Instructions to follow: Whenever a line below includes the word "else", copy that line.

##### Given data

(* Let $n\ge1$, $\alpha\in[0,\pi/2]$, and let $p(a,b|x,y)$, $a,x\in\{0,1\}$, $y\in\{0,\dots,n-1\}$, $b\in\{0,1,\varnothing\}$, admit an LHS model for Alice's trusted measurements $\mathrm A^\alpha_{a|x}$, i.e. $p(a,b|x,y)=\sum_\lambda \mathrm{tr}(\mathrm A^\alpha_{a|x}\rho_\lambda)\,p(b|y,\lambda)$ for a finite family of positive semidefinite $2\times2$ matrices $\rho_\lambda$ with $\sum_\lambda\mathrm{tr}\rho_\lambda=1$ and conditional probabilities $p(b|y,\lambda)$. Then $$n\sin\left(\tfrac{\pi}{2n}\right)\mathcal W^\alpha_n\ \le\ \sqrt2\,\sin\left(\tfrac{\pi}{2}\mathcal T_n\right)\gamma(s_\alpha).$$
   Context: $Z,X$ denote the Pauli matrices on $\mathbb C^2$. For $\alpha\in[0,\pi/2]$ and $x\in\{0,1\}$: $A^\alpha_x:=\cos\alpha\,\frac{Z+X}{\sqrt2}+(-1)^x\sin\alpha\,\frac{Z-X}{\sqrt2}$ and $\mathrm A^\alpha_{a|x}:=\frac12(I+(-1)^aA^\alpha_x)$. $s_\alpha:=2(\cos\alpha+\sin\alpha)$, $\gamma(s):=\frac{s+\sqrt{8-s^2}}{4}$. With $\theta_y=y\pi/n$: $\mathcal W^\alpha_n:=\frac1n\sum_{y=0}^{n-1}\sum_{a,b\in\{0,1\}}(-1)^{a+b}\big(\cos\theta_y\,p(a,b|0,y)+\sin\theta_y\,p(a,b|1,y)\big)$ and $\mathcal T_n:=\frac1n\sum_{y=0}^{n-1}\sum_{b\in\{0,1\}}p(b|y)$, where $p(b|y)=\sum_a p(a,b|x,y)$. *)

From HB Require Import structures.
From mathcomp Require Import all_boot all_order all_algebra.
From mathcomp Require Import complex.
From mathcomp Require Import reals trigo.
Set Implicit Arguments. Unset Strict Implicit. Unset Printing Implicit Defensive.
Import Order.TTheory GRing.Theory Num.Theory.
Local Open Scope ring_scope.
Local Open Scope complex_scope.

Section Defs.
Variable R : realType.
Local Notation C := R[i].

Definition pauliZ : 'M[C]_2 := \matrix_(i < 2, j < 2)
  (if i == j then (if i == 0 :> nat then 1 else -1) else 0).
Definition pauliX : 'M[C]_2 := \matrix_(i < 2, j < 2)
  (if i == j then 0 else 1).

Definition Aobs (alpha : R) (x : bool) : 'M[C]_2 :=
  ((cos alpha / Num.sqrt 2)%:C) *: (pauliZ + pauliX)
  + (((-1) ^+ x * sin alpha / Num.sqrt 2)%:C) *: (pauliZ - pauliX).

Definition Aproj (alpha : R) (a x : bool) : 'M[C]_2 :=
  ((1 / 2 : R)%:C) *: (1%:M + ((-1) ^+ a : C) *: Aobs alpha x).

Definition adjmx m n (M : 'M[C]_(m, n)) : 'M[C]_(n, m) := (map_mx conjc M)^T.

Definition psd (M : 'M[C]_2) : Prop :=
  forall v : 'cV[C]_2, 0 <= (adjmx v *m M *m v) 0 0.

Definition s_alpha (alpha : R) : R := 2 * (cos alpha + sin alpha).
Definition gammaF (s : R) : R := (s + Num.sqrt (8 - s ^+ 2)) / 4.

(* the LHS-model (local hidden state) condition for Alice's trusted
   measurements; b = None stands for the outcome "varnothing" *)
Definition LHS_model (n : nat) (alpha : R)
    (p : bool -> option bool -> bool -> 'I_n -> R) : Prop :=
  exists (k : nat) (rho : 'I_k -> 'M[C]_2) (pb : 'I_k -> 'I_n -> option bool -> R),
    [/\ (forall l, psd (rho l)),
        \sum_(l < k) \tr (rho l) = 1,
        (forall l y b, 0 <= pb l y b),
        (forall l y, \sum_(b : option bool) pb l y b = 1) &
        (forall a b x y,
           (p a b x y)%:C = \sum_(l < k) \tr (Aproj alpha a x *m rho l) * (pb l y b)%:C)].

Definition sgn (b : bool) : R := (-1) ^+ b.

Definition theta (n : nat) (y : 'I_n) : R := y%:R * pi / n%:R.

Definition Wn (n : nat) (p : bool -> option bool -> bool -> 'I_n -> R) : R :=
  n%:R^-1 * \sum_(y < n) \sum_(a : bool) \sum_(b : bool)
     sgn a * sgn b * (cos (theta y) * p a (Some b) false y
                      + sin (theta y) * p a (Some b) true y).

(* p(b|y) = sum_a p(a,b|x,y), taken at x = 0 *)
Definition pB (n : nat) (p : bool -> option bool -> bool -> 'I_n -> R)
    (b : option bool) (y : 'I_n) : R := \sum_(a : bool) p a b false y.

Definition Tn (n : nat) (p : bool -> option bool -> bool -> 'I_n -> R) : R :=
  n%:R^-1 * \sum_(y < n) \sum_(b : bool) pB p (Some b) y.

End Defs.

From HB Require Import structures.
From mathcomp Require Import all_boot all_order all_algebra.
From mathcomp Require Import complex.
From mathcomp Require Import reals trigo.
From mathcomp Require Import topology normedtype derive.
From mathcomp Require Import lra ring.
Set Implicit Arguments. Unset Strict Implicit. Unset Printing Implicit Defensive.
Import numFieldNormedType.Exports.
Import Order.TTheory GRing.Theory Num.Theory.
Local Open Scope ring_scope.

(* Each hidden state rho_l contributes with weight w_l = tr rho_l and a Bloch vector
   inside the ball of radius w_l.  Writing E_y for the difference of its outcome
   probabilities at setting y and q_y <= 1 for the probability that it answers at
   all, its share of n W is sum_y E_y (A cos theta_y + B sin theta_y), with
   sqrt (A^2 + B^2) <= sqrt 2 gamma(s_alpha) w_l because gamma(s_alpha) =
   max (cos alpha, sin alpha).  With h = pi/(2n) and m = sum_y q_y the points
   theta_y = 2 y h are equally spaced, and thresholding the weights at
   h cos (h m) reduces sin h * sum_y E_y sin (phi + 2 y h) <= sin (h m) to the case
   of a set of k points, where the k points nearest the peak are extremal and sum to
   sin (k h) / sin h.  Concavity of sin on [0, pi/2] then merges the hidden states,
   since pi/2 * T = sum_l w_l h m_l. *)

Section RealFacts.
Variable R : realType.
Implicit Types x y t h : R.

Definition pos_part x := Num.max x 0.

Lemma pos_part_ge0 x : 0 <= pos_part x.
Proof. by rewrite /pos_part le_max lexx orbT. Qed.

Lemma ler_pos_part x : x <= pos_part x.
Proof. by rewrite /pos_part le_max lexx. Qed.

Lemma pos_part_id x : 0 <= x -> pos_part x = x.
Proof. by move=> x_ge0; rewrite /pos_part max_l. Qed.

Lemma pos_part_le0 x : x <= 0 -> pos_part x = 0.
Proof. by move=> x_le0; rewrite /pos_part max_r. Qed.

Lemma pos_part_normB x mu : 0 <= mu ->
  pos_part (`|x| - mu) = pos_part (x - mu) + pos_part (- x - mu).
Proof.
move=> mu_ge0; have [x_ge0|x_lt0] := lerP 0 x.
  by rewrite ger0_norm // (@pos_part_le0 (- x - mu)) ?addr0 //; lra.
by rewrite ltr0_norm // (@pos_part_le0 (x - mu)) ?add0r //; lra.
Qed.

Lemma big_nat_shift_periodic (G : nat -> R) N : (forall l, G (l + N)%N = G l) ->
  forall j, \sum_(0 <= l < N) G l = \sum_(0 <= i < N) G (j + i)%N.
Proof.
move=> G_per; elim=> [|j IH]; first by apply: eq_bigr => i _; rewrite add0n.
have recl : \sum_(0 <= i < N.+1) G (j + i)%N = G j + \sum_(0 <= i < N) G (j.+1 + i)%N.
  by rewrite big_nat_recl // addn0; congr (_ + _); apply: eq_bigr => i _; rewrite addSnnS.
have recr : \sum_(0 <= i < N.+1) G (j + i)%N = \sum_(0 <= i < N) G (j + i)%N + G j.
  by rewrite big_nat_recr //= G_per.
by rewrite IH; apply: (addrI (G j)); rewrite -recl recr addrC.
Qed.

##########

Your solution:
  (if i == j then (if i == 0 :> nat then 1 else -1) else 0).
  (if i == j then 0 else 1).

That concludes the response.